Material for the task Start Marker

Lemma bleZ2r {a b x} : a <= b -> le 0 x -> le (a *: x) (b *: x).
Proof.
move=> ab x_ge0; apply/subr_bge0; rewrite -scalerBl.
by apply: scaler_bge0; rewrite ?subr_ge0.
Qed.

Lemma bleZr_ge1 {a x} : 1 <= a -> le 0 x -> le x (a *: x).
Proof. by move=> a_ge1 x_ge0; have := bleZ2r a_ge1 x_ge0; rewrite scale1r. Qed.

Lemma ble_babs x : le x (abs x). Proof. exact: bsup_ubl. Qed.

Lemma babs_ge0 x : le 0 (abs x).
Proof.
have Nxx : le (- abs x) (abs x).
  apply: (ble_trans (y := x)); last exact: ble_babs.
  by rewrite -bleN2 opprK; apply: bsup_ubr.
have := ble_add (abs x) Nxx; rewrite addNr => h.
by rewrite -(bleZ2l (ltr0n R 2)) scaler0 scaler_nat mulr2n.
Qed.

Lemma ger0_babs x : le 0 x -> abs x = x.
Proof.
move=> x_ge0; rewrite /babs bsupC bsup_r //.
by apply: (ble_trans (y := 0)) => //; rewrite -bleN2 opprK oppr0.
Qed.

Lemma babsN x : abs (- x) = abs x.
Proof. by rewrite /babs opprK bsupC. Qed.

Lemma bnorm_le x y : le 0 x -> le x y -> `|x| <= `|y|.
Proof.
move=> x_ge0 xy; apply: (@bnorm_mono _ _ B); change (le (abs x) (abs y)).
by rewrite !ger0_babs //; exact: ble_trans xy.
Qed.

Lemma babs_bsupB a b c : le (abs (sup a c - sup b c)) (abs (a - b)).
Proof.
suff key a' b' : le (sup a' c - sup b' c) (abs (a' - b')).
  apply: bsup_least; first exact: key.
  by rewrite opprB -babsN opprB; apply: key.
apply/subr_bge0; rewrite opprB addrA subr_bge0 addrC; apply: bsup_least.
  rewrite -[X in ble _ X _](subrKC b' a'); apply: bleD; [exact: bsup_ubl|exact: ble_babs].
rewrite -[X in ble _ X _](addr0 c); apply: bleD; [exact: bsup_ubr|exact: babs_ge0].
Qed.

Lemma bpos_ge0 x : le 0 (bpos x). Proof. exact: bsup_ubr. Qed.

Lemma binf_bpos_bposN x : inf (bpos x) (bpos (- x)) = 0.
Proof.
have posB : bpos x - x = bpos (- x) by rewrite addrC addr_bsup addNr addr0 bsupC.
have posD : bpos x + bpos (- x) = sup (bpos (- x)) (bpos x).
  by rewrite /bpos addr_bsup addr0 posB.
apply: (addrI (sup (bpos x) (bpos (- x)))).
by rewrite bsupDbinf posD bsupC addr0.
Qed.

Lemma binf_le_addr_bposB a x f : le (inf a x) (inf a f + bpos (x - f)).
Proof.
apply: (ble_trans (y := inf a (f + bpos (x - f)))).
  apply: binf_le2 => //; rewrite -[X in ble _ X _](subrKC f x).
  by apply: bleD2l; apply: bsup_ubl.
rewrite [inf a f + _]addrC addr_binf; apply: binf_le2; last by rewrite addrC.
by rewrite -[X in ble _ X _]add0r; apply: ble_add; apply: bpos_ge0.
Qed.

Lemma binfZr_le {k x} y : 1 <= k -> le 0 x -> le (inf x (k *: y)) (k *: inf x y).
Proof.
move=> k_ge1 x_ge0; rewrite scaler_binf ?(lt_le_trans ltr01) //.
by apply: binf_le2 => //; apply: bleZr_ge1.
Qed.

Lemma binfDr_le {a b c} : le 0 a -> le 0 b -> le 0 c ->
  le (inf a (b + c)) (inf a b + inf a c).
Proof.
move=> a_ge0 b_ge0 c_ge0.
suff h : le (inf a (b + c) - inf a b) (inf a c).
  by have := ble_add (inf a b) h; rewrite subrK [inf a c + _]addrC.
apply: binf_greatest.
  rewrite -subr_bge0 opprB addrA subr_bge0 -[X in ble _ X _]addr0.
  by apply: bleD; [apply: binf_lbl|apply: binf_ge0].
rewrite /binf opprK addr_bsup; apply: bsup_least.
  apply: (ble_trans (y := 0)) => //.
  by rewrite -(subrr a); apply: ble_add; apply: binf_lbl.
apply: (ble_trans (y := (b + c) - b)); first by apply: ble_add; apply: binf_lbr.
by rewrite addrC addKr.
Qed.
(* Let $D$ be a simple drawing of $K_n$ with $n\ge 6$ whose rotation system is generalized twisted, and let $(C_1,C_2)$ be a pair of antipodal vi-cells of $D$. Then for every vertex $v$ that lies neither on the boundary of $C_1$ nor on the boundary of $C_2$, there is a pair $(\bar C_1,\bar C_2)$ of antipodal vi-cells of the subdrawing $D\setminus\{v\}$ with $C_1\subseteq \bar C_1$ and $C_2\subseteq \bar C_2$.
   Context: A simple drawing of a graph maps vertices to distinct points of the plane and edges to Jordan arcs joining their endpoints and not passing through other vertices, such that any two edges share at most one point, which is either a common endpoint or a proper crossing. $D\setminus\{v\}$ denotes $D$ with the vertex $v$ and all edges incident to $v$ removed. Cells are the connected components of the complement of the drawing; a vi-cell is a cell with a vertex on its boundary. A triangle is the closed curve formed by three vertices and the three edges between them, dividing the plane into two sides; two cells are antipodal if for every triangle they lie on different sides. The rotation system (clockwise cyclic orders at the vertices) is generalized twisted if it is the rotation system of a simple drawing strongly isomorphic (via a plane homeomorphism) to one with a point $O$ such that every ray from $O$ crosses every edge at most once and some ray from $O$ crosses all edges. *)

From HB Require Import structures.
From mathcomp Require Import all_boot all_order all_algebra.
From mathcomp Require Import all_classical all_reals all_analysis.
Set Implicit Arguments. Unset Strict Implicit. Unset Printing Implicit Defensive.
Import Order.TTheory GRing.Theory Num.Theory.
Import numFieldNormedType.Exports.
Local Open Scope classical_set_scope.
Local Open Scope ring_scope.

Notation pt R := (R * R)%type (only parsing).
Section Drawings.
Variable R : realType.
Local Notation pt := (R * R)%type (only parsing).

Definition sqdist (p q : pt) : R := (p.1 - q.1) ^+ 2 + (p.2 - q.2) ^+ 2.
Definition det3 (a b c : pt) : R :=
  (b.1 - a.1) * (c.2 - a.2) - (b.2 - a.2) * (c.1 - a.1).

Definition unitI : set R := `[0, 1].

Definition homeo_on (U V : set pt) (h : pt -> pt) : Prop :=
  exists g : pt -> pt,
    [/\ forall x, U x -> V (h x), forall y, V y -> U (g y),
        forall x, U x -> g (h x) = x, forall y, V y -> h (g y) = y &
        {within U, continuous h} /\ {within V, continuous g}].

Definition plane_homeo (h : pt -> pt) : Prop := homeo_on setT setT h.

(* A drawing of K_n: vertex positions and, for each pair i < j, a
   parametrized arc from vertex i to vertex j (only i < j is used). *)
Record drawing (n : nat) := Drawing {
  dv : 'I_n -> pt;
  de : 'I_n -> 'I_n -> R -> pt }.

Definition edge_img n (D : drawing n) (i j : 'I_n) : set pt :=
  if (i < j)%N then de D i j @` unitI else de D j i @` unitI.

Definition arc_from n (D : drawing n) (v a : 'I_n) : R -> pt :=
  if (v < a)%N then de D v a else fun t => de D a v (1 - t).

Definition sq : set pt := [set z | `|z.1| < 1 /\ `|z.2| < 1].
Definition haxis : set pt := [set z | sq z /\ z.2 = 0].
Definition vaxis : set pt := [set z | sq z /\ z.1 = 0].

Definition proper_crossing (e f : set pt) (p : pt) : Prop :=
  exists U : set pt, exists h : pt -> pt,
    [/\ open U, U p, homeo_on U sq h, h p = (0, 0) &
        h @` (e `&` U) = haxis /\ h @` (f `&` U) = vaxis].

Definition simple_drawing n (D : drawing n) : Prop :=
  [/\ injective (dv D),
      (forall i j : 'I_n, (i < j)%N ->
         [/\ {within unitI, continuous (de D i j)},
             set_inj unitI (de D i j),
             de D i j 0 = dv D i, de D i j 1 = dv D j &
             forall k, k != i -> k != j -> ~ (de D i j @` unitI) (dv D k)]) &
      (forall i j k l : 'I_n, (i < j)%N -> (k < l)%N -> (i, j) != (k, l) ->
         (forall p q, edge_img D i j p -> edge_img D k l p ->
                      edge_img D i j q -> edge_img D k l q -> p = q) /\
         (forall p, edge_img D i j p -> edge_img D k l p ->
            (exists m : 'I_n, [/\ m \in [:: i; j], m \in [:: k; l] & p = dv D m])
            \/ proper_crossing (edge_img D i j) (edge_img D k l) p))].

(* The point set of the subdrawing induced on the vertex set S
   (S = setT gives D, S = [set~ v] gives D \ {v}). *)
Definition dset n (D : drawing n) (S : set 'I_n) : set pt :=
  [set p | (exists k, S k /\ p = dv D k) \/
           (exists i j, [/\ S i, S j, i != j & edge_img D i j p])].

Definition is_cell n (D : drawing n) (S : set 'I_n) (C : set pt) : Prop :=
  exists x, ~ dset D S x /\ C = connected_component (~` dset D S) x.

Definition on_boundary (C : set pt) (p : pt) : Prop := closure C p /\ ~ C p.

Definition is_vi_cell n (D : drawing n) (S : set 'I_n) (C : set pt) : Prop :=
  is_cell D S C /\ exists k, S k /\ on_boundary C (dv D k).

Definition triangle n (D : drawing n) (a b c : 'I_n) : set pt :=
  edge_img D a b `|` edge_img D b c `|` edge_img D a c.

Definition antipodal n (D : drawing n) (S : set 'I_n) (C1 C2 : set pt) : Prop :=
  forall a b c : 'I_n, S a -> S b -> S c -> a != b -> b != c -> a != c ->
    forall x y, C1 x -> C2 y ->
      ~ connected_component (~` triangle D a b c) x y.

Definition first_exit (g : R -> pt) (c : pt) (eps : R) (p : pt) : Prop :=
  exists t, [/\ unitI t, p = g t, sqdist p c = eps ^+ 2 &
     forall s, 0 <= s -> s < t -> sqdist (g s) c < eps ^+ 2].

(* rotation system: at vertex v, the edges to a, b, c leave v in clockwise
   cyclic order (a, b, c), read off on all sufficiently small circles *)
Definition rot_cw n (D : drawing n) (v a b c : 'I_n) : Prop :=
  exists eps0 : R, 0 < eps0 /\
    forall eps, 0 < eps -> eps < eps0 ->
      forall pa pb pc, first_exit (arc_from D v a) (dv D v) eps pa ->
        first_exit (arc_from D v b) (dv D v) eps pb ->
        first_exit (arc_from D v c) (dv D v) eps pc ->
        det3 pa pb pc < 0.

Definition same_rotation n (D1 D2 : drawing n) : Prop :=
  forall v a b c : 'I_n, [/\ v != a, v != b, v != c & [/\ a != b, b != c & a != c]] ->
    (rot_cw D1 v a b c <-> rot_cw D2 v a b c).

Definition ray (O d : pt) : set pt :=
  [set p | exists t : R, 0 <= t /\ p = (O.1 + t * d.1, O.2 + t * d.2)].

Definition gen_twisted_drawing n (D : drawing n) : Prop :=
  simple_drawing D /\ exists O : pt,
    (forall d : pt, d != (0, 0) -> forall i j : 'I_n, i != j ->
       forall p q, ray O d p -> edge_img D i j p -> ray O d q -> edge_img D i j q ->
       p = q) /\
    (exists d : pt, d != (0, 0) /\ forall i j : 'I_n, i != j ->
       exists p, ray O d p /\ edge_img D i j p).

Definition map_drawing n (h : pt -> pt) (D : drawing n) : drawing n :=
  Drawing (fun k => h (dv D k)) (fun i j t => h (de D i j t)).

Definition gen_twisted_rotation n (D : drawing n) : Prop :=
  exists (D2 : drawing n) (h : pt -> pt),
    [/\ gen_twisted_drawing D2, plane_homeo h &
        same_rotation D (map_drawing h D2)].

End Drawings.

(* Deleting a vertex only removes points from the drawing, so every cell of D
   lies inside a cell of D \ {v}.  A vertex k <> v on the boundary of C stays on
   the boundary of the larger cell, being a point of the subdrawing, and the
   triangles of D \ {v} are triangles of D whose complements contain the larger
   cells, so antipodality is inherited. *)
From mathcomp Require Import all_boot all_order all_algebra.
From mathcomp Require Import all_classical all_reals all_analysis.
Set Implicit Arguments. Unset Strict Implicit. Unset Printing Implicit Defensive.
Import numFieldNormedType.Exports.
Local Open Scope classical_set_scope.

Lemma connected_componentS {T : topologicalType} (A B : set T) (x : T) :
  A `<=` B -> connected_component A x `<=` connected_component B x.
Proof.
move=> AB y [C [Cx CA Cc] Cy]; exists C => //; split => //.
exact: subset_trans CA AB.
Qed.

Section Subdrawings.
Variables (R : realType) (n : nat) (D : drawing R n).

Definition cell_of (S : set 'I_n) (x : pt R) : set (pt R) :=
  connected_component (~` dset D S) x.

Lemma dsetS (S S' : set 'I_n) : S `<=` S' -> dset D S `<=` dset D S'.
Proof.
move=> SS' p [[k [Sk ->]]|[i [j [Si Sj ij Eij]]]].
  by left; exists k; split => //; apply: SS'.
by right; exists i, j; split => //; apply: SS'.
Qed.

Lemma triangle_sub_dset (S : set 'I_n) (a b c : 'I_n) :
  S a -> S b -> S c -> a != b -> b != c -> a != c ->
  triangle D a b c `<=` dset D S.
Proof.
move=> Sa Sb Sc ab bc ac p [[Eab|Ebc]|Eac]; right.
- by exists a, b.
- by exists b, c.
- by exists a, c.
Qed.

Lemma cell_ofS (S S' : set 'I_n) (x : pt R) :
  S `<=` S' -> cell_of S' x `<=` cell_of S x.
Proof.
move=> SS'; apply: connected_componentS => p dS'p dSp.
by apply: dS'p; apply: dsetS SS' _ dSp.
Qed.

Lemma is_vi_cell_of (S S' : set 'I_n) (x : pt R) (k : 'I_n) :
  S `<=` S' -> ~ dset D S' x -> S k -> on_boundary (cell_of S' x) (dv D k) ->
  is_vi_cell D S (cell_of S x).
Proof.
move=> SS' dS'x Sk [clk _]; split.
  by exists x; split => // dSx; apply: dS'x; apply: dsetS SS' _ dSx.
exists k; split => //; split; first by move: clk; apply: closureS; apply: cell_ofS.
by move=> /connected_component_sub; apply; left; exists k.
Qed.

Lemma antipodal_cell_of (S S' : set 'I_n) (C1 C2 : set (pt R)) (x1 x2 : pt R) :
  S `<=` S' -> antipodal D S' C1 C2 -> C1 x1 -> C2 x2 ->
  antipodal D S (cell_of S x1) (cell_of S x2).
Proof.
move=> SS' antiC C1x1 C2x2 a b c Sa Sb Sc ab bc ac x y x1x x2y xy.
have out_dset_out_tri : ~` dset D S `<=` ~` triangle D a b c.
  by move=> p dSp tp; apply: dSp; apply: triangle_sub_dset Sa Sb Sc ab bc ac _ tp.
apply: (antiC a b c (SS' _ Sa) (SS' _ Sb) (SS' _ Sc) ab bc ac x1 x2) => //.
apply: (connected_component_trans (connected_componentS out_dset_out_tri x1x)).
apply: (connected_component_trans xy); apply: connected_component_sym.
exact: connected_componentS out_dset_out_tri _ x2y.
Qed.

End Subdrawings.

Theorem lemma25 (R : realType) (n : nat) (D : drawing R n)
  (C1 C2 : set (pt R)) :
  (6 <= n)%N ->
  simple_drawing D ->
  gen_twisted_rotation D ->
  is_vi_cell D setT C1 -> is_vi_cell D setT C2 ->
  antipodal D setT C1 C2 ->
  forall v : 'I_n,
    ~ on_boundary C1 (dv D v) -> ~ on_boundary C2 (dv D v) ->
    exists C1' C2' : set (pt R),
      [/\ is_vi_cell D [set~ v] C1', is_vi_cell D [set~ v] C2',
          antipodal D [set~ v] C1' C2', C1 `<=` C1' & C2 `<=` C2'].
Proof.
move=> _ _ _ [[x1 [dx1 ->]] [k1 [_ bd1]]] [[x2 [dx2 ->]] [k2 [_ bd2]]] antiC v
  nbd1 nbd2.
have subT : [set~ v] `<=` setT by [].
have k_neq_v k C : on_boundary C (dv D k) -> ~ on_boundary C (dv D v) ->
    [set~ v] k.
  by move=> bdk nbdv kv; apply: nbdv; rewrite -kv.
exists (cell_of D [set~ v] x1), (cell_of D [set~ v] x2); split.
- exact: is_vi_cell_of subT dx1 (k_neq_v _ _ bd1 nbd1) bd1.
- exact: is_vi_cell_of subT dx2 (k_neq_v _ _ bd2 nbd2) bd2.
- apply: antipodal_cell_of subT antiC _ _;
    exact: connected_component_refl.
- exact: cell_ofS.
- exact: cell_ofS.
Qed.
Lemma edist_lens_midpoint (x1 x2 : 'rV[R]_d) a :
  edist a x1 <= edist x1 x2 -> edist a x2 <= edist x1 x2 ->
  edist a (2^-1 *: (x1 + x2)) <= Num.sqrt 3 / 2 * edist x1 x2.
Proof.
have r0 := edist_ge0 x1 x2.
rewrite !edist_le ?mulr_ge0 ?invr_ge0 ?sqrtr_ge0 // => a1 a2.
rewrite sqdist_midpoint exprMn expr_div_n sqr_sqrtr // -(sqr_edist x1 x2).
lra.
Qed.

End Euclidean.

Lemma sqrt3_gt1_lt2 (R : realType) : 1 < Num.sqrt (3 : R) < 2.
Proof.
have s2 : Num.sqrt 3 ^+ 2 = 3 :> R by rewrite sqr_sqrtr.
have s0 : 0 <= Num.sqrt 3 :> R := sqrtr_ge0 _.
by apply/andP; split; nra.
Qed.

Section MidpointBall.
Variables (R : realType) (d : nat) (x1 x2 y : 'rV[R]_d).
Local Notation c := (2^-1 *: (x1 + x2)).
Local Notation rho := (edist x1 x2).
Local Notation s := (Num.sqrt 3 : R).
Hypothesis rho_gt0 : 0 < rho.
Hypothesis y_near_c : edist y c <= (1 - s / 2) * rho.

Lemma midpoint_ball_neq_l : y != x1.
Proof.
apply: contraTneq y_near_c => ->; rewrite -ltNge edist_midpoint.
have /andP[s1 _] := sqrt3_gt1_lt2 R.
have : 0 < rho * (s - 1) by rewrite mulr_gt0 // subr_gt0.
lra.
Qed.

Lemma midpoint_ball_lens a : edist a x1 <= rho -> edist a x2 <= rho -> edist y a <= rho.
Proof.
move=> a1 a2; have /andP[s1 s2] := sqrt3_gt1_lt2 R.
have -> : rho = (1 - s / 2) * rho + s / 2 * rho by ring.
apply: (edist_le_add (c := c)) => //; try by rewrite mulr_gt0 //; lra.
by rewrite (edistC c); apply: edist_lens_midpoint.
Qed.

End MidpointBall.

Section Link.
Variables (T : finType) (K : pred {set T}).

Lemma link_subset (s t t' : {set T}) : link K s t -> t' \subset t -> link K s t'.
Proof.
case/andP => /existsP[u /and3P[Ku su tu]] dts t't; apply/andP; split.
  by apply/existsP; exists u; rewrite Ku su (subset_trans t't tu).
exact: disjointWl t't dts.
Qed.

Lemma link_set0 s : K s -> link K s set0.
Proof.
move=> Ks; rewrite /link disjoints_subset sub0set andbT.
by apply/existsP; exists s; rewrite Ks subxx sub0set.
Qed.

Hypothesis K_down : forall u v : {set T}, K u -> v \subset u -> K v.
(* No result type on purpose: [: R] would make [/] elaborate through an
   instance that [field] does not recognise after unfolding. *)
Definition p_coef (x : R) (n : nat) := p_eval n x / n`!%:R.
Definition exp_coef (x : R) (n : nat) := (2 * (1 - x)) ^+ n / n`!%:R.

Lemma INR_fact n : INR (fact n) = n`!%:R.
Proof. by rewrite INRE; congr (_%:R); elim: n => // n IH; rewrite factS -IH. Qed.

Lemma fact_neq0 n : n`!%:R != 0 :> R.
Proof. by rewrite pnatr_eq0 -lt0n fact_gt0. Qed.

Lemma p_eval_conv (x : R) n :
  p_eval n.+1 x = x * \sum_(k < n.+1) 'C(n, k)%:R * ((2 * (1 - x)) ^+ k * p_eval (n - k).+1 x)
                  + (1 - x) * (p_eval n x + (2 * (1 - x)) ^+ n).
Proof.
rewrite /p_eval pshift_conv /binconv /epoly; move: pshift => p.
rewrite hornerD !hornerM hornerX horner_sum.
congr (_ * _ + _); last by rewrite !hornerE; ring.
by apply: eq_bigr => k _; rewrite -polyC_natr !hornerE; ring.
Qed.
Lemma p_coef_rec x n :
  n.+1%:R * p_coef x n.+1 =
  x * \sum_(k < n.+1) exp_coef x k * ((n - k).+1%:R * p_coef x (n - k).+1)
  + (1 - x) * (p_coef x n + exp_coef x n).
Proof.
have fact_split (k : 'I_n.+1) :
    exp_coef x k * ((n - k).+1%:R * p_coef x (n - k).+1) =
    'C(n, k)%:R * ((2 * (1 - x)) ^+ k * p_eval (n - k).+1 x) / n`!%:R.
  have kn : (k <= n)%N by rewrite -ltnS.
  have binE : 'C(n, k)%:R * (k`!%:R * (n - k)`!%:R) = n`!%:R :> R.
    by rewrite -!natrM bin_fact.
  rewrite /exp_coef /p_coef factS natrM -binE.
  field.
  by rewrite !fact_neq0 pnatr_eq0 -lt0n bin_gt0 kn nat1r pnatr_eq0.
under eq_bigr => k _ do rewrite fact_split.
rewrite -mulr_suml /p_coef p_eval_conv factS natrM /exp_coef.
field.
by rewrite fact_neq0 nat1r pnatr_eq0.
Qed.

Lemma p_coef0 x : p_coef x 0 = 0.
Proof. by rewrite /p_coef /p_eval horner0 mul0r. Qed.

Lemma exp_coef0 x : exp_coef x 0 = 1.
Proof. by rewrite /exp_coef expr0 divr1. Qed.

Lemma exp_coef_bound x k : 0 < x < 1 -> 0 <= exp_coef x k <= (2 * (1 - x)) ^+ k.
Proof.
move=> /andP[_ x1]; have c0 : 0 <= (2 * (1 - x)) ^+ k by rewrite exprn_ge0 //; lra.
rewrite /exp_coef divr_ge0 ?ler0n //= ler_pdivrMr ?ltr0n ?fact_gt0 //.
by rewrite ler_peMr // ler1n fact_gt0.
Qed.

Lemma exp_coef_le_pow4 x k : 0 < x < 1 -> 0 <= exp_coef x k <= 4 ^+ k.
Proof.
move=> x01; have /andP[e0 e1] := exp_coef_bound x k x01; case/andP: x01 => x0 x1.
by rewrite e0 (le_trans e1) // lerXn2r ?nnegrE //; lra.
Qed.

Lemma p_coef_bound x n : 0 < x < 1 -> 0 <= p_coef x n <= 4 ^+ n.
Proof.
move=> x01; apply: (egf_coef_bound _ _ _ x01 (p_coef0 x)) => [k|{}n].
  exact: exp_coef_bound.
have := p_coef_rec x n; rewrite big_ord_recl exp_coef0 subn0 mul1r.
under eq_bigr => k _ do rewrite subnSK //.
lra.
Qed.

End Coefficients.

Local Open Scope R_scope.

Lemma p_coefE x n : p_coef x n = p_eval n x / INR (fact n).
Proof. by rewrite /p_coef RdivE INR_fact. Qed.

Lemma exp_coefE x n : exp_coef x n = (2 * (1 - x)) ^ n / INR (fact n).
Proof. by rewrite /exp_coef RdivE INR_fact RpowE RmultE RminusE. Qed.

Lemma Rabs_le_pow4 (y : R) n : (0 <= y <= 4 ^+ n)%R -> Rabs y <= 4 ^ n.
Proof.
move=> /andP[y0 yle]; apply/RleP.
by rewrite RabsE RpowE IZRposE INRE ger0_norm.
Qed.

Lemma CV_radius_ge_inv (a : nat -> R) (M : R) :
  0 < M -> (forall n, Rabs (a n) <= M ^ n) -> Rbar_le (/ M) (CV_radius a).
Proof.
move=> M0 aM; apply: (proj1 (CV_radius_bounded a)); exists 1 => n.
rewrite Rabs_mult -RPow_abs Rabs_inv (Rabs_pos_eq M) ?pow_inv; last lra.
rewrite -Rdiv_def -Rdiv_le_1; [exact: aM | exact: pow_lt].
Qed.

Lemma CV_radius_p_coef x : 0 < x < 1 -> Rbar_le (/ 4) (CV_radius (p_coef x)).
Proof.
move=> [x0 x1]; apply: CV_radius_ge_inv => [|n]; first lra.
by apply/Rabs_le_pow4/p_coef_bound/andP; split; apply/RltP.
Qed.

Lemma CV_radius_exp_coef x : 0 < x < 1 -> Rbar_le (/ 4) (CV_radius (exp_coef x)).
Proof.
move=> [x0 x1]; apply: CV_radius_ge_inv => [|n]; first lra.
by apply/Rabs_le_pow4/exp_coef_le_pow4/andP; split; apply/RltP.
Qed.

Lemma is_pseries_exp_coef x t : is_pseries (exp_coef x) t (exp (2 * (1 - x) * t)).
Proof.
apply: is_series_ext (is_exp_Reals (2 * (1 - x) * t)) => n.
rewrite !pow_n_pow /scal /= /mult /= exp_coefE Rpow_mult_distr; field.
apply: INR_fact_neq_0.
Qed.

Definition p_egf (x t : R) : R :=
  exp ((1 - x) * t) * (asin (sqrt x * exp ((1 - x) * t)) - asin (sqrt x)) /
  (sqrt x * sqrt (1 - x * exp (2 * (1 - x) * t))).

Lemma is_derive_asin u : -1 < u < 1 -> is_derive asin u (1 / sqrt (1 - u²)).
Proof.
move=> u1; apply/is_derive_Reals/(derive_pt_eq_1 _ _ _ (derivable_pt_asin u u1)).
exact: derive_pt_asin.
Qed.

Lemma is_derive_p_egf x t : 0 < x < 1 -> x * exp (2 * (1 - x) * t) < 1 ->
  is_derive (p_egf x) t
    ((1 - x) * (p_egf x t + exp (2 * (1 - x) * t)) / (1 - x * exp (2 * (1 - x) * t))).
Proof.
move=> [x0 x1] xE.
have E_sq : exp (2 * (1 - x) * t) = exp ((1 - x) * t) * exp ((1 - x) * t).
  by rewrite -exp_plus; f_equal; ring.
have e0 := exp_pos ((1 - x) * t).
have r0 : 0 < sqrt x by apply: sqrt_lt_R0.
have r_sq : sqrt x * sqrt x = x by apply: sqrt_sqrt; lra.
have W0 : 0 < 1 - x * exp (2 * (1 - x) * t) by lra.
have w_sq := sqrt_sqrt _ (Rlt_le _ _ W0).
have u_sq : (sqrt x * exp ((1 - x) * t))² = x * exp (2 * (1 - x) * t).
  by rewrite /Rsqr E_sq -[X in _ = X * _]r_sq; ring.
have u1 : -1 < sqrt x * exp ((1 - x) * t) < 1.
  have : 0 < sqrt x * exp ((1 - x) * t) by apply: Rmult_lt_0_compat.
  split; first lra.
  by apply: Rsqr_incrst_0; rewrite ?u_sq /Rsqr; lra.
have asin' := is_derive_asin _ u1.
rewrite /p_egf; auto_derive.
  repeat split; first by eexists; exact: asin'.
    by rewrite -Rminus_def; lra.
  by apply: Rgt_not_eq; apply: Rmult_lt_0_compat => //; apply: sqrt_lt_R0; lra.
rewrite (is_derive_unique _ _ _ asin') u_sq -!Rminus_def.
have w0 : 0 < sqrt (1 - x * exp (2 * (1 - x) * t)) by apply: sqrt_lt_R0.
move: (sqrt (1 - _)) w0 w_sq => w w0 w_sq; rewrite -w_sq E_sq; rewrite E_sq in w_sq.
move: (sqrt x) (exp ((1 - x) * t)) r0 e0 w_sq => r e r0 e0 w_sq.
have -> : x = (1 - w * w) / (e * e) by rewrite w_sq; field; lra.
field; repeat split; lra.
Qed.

Material for the task End Marker

## [What is expected]
Up to and including the line that contains "Proof. by rewrite /babs opprK bsupC. Qed.", restate each line of the material above word for word, beginning with its first line.

## [Answer area]
Lemma bleZ2r {a b x} : a <= b -> le 0 x -> le (a *: x) (b *: x).
Proof.
move=> ab x_ge0; apply/subr_bge0; rewrite -scalerBl.
by apply: scaler_bge0; rewrite ?subr_ge0.
Qed.

Lemma bleZr_ge1 {a x} : 1 <= a -> le 0 x -> le x (a *: x).
Proof. by move=> a_ge1 x_ge0; have := bleZ2r a_ge1 x_ge0; rewrite scale1r. Qed.

Lemma ble_babs x : le x (abs x). Proof. exact: bsup_ubl. Qed.

Lemma babs_ge0 x : le 0 (abs x).
Proof.
have Nxx : le (- abs x) (abs x).
  apply: (ble_trans (y := x)); last exact: ble_babs.
  by rewrite -bleN2 opprK; apply: bsup_ubr.
have := ble_add (abs x) Nxx; rewrite addNr => h.
by rewrite -(bleZ2l (ltr0n R 2)) scaler0 scaler_nat mulr2n.
Qed.

Lemma ger0_babs x : le 0 x -> abs x = x.
Proof.
move=> x_ge0; rewrite /babs bsupC bsup_r //.
by apply: (ble_trans (y := 0)) => //; rewrite -bleN2 opprK oppr0.
Qed.

Lemma babsN x : abs (- x) = abs x.
Proof. by rewrite /babs opprK bsupC. Qed.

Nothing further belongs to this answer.